Now it is time to actually improve the plot! We will do so by adding a title, adding labels to our axis, adding a legend and also adding a small grid to improve readability of the actual data. You'll notice that python will automatically start grouping all our data on the axis now that we have converted it into the correct data formats.

In [None]:
better_plot = plt.figure()
plt.plot(TU_date, TU_temp, color = 'tab:blue', label='TULSA INTERNATIONAL AIRPORT')
plt.plot(WI_date, WI_temp, color = 'tab:orange', label='WICHITA DWIGHT D. EISENHOWER NATIONAL AIRPORT')
plt.plot(DM_date, DM_temp, color = 'tab:purple', label='DES MOINES INTERNATIONAL AIRPORT')
plt.legend()
plt.xlabel('Date')
plt.ylabel('Average Temp (C)')
plt.title('Daily average temperature')
plt.grid(linewidth=0.2)
plt.close()

In [None]:
better_plot

### 4.3.3 Dots or lines?

What's a better visualization? Dots or lines? It all depends on the situation.

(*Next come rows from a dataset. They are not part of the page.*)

Lemma rule_erase_sound r s prem w :
  rule_ok r s prem ->
  (forall sel n, r = RBoxR sel n -> forall k, In k sel -> nth k (fst s) MBot <> MBox D) ->
  (forall s', In s' prem -> forall v, forces_sequent v s') ->
  forces_sequent w s.
Proof.
  destruct s as [G Δ]. intros Hr Hnc Hprem.
  destruct r as [| |n|n|n|sel n]; cbn [rule_ok fst snd] in Hr; intros HG; simpl in HG |- *.
  - destruct Hr as (_ & i & j & p & Hi & Hj).
    exists (MAtom p). split; [exact (nth_error_In _ _ Hj)|exact (HG _ (nth_error_In _ _ Hi))].
  - destruct Hr as (_ & i & Hi). destruct (HG _ (nth_error_In _ _ Hi)).
  - destruct Hr as (a & b & Hn & ->).
    pose proof (HG _ (nth_error_In _ _ Hn)) as Himp.
    destruct (classic (forces w (erase_box D a))) as [Ha|Ha].
    + apply (Hprem _ (or_intror (or_introl eq_refl))). simpl.
      intros F HF. apply (In_replace_nth _ _ _ _ _ Hn) in HF as [->|HF]; auto.
    + destruct (Hprem _ (or_introl eq_refl) w) as (F & HF & HFw); simpl in *.
      * intros F HF. exact (HG F (In_remove_nth _ _ _ _ Hn HF)).
      * apply in_app_or in HF as [HF|[<-|[]]]; [now exists F|contradiction].
  - destruct Hr as (a & b & Hn & ->).
    destruct (classic (forces w (erase_box D a))) as [Ha|Ha].
    + destruct (Hprem _ (or_introl eq_refl) w) as (F & HF & HFw); simpl in *.
      * intros F [<-|HF]; auto.
      * apply (In_replace_nth _ _ _ _ _ Hn) in HF as [->|HF]; [|now exists F].
        exists (MImp a b). split; [exact (nth_error_In _ _ Hn)|]. now intros _.
    + exists (MImp a b). split; [exact (nth_error_In _ _ Hn)|]. simpl. now intros Ha'.
  - destruct Hr as (a & Hn & ->).
    assert (Hbox := HG _ (nth_error_In _ _ Hn)).
    apply (Hprem _ (or_introl eq_refl)). simpl.
    intros F HF. apply (In_replace2_nth _ _ _ _ _ _ Hn) in HF as [->|[->|HF]]; auto.
    exact (forces_erase_box_T _ _ Hbox).
  - destruct Hr as (a & Hn & _ & Hsel & ->).
    exact (boxR_erase_sound _ _ _ _ _ _ Hn Hsel (Hnc sel n eq_refl)
             (Hprem _ (or_introl eq_refl)) HG).
Qed.

(* When no right box rule carries [□D] into its premise, erasing the boxes in
   front of [D] makes every G3s proof sound in all S4 models: a right box rule
   introducing [□D] only needs its premise at the current world. *)
Theorem erase_box_sound t :
  valid t -> boxR_never_carries D t -> forall w, forces_sequent w (root t).
Proof.
  induction t as [s r ch IH] using ptree_ind_nested.
  intros Hv Hnc w. pose proof Hv as [Hr Hch]%valid_PNode.
  apply (rule_erase_sound r s (map root ch)); [exact Hr| |].
  - intros sel n -> k Hk. exact (Hnc [] s sel n ch eq_refl k Hk).
  - intros s' (c & <- & Hc)%in_map_iff v. apply In_nth_error in Hc as [j Hj].
    apply (proj1 (Forall_forall _ _) IH c (nth_error_In _ _ Hj)).
    + exact (valid_child _ _ _ _ _ Hv Hj).
    + exact (boxR_never_carries_child _ _ _ _ _ _ Hnc Hj).
Qed.

End ErasureSoundness.

Arguments forces {W} R V w F.

(** * No prehistoric-cycle-free proof of [A] *)

Lemma erase_box_A_ex P :
  erase_box (C_ex P) (A_ex P) = MImp (MBox (MImp (C_ex P) (MAtom P))) (mneg (C_ex P)).
Proof.
  change (A_ex P) with (MImp (MBox (MImp (C_ex P) (MAtom P))) (MImp (MBox (C_ex P)) MBot)).
  change (erase_box (C_ex P) (MImp (MBox (MImp (C_ex P) (MAtom P))) (MImp (MBox (C_ex P)) MBot)))
    with (MImp (erase_box (C_ex P) (MBox (MImp (C_ex P) (MAtom P))))
               (MImp (erase_box (C_ex P) (MBox (C_ex P))) MBot)).
  rewrite erase_box_same. reflexivity.
Qed.

(* Two worlds [false ≤ true] with [P] true only at [false]: there [□(C → P)]
   and [C = P ∧ ¬□P] both hold. *)
Lemma erase_box_A_ex_refuted P :
  ~ forces Bool.le (fun w _ => w = false) false (erase_box (C_ex P) (A_ex P)).
Proof.
  rewrite erase_box_A_ex. simpl. intros H. apply H.
  - intros [|] _ HC; [exfalso; apply HC; discriminate|reflexivity].
  - intros Himp. apply (Himp eq_refl). intros HboxP. discriminate (HboxP true I).
Qed.

Lemma positive_box_in_root_family P t q u b i F pos X :
  valid t -> root t = ([], [A_ex P]) -> subtree_at t q = Some u ->
  nth_error (seq_side (root u) b) i = Some F -> msub F pos = Some (MBox X) ->
  xorb b (negative_at F pos) = false ->
  same_family t (Occ q b i pos) (Occ [] false 0 positive_box_of_A_ex).
Proof.
  intros Hv Hroot Hu Hi Hm Hpos.
  destruct (box_occurrence_traces_to_root _ _ Hv Hroot _ _ _ _ _ _ _ Hu Hi Hm)
    as (p & Hrt & HA & Hsign).
  rewrite (positive_box_of_A_ex_unique P p X HA) in Hrt by congruence.
  exact (clos_rt_clos_rst _ _ _ _ Hrt).
Qed.

(* Both the principal [□a] of such a rule and the [□P] inside the carried
   [□(C_ex P)] occur positively, so they lie in the single family of positive boxes. *)
Lemma boxR_carrying_C_ex_self_precedes P t q s sel n ch k :
  valid t -> root t = ([], [A_ex P]) -> subtree_at t q = Some (PNode s (RBoxR sel n) ch) ->
  In k sel -> nth k (fst s) MBot = MBox (C_ex P) ->
  prec t (Occ q false n []) (Occ q false n []).
Proof.
  destruct s as [G Δ]. intros Hv Hroot Hq Hk HC.
  pose proof (valid_subtree _ _ _ Hv Hq) as [Hrule _]%valid_PNode.
  destruct Hrule as (a & Hn & _ & _ & Hch).
  destruct ch as [|c0 [|]]; try discriminate. injection Hch as E0.
  destruct (In_nth_error _ _ Hk) as [i Hi].
  assert (Hc0 : subtree_at t (q ++ [0]) = Some c0)
    by exact (subtree_at_snoc _ _ 0 _ _ _ c0 Hq eq_refl).
  assert (Hin : nth_error (seq_side (root c0) true) i = Some (MBox (C_ex P))).
  { rewrite E0. simpl. rewrite nth_error_map, Hi. simpl in HC. simpl. now rewrite HC. }
  assert (Hm : msub (MBox (C_ex P)) [0; 0; 1; 0; 0] = Some (MBox (MAtom P))) by reflexivity.
  exists q, (G, Δ), sel, n, [c0]. split; [exact Hq|]. split; [apply rst_refl|].
  exists (Occ (q ++ [0]) true i [0; 0; 1; 0; 0]).
  split; [exists c0, (MBox (C_ex P)), (MAtom P); auto|]. split; [reflexivity|].
  eapply rst_trans.
  - exact (positive_box_in_root_family P t q _ false n _ [] _ Hv Hroot Hq Hn (msub_nil _) eq_refl).
  - apply rst_sym.
    exact (positive_box_in_root_family P t _ _ true i _ _ _ Hv Hroot Hc0 Hin Hm eq_refl).
Qed.

Theorem A_ex_no_pcf_proof P : ~ has_pcf_g3s_proof (A_ex P).
Proof.
  intros (t & Hv & Hroot & Hcf).
  assert (Hnc : boxR_never_carries (C_ex P) t).
  { intros q s sel n ch Hq k Hk HC. apply Hcf.
    exists (Occ q false n []). apply t_step.
    exact (boxR_carrying_C_ex_self_precedes P t q s sel n ch k Hv Hroot Hq Hk HC). }
  assert (bool_le_refl : forall b, Bool.le b b) by now intros [].
  assert (bool_le_trans : forall a b c, Bool.le a b -> Bool.le b c -> Bool.le a c)
    by now intros [] [] [].
  destruct (erase_box_sound bool Bool.le (fun w _ => w = false) bool_le_refl bool_le_trans
              (C_ex P) t Hv Hnc false) as (F & HF & HFw).
  - rewrite Hroot. intros F [].
  - rewrite Hroot in HF. destruct HF as [<-|[]]. exact (erase_box_A_ex_refuted P HFw).
Qed.
Theorem mainTheorem8
  (N n m : nat) (HN : (0 < N)%nat)
  (f : nat -> vec -> R)                 (* f i = f^[i] *)
  (Xs : nat -> vec -> Prop)             (* Xs i = X^[i] *)
  (g : vec -> vec)                      (* components g k, k < m *)
  (rho : nat -> R)
  (a : nat -> nat -> nat -> R)          (* a k i j = a^i_j(k) *)
  (eta : R) (B : nat)
  (alpha : nat -> R)
  (x mu D : nat -> nat -> vec)          (* x i k = x^[i](k), D i k = D^[i]_x(k) *)
  (xstar mustar : vec)
  (Hf : forall i, (i < N)%nat -> convex_fun n (f i))
  (HX : forall i, (i < N)%nat -> ne_compact_convex n (Xs i))
  (Hg : forall l, (l < m)%nat -> convex_fun n (fun y => g y l))
  (Hrho : forall i, (i < N)%nat -> 0 < rho i)
  (* non-degeneracy *)
  (Heta : 0 < eta)
  (Ha_nonneg : forall k i j, (i < N)%nat -> (j < N)%nat -> 0 <= a k i j)
  (Ha_diag : forall k i, (i < N)%nat -> a k i i >= eta)
  (Ha_nd : forall k i j, (i < N)%nat -> (j < N)%nat ->
              a k i j = 0 \/ (eta <= a k i j <= 1))
  (* double stochasticity *)
  (Ha_row : forall k i, (i < N)%nat -> fsum N (fun j => a k i j) = 1)
  (Ha_col : forall k j, (j < N)%nat -> fsum N (fun i => a k i j) = 1)
  (* periodic strong connectivity *)
  (HB : (0 < B)%nat)
  (Hconn : forall k0, strongly_connected N (union_edges N a k0 B))
  (Halpha_pos : forall k, 0 < alpha k)
  (Halpha_lim : Un_cv alpha 0)
  (Halpha_sum : cv_infty (fun k => sum_f_R0 alpha k))
  (Halpha_sq : exists l, Un_cv (fun k => sum_f_R0 (fun t => alpha t ^ 2) k) l)
  (Hx0 : forall i, (i < N)%nat -> Xs i (x i 0%nat))
  (Hmu0 : forall i, (i < N)%nat -> is_dim m (mu i 0%nat) /\
            forall l, (l < m)%nat -> 0 <= mu i 0%nat l)
  (* DLPDS iteration *)
  (HD : forall i k, (i < N)%nat ->
     is_dim n (D i k) /\
     is_subgrad n
       (fun y => f i y + dot m (vcomb N (a k i) (fun j => mu j k)) (g y))
       (vcomb N (a k i) (fun j => x j k)) (D i k))
  (Hx : forall i k, (i < N)%nat ->
     is_proj n (Xs i)
       (vsub (vcomb N (a k i) (fun j => x j k)) (vscal (alpha k) (D i k)))
       (x i (S k)))
  (Hmu : forall i k, (i < N)%nat ->
     is_proj m (Mball m (rho i))
       (vadd (vcomb N (a k i) (fun j => mu j k))
             (vscal (alpha k) (g (vcomb N (a k i) (fun j => x j k)))))
       (mu i (S k)))
  (Hxstar : forall i, (i < N)%nat -> Xs i xstar)
  (Hmustar : forall i, (i < N)%nat -> Mball m (rho i) mustar)
  (Hxlim : forall i, (i < N)%nat -> Un_cv (fun k => vnorm n (vsub (x i k) xstar)) 0)
  (Hmulim : forall i, (i < N)%nat -> Un_cv (fun k => vnorm m (vsub (mu i k) mustar)) 0)
  : forall y nu,
      (forall i, (i < N)%nat -> Xs i y) ->
      (forall i, (i < N)%nat -> Mball m (rho i) nu) ->
      Lag N n m f g xstar nu <= Lag N n m f g xstar mustar /\
      Lag N n m f g xstar mustar <= Lag N n m f g y mustar.
Proof.
  intros y nu Hy Hnu. split.
  - eapply dual_inequality; eauto.
  - eapply primal_inequality; eauto.
Qed.
(* Let $G=(V,E)$ be a finite simple graph with vertex set $V=\{v_1,\dots,v_n\}$, let $O$ be an orientation of $G$ and let $D:E\to\mathbb{N}$ assign a positive integer strength to every edge, so that $(G,D,O)$ is an augmented orientation. Let $k$ be the maximum augmented in-degree of a vertex in $(G,D,O)$. If the number of even Eulerian structures in $(G,D,O)$ is different from the number of odd Eulerian structures in $(G,D,O)$, then \[ AT(G)-1=\alpha(f_G)\le \alpha(W_{G,D})\le k . \]
   Context: For a nonzero polynomial $Q$, $\alpha(Q)$ denotes the minimum $k$ such that some monomial $m$ occurring in $Q$ with nonzero coefficient satisfies $\deg(m)=\deg(Q)$ and every variable has degree at most $k$ in $m$. The graph polynomial of $G$ is $f_G(x_1,\dots,x_n)=\prod_{i<j,\ \{v_i,v_j\}\in E}(x_i-x_j)$, and the Alon–Tarsi number is $AT(G)=\alpha(f_G)+1$. An augmented orientation $(G,D,O)$ consists of a graph $G$, an orientation $O$ of $G$, and $D:E\to\mathbb{N}$ assigning positive strengths to edges; the augmented in-degree (resp. out-degree) of a vertex is the sum of the strengths of its incoming (resp. outgoing) edges. The augmented graph polynomial is $W_{G,D}(x_1,\dots,x_n)=\prod_{i<j,\ e=\{v_i,v_j\}\in E}(x_i^{D(e)}-x_j^{D(e)})$. An Eulerian structure in $(G,D,O)$ is a subgraph $F$ of $G$ without isolated vertices (the empty graph is allowed) such that every vertex of $F$ has augmented in-degree equal to its augmented out-degree in $F$, with the orientation and strengths restricted from $O$ and $D$. An Eulerian structure is even (odd) if its number of edges is even (odd). *)

From HB Require Import structures.
From mathcomp Require Import all_boot all_order all_algebra.
From mathcomp Require Import mpoly.
Set Implicit Arguments. Unset Strict Implicit. Unset Printing Implicit Defensive.
Import GRing.Theory.
Local Open Scope ring_scope.

(* Vertices are 'I_n (v_i = i).  A simple graph is a symmetric irreflexive
   relation [adj]; an orientation is a relation [o] with o i j meaning the
   edge {v_i,v_j} is oriented v_i -> v_j.  Strengths D : 'I_n -> 'I_n -> nat
   are read on edges (D symmetric, D e = D i j for e = {v_i,v_j}). *)

Definition simple_graph n (adj : rel 'I_n) :=
  (forall i, ~~ adj i i) /\ (forall i j, adj i j = adj j i).

Definition is_orientation n (adj o : rel 'I_n) :=
  forall i j, adj i j = (o i j || o j i) /\ ~~ (o i j && o j i).

Definition is_strength n (adj : rel 'I_n) (D : 'I_n -> 'I_n -> nat) :=
  (forall i j, D i j = D j i) /\ (forall i j, adj i j -> (0 < D i j)%N).

Definition aug_indeg n (o : rel 'I_n) (D : 'I_n -> 'I_n -> nat) (v : 'I_n) : nat :=
  (\sum_(u < n | o u v) D u v)%N.

Definition max_aug_indeg n (o : rel 'I_n) D : nat :=
  (\max_(v < n) aug_indeg o D v)%N.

In theory, lines 'make up' data that does not exist when connecting data points. That is why overall, a **scatter plot** is preferred. Especially when your dataset is large enough, it gets the message across well enough.

When your dataset becomes a lot smaller, for example when zooming in on a small part, a scatterplot starts to become less meaningful. In such a case, it might be worth looking into a **line plot**.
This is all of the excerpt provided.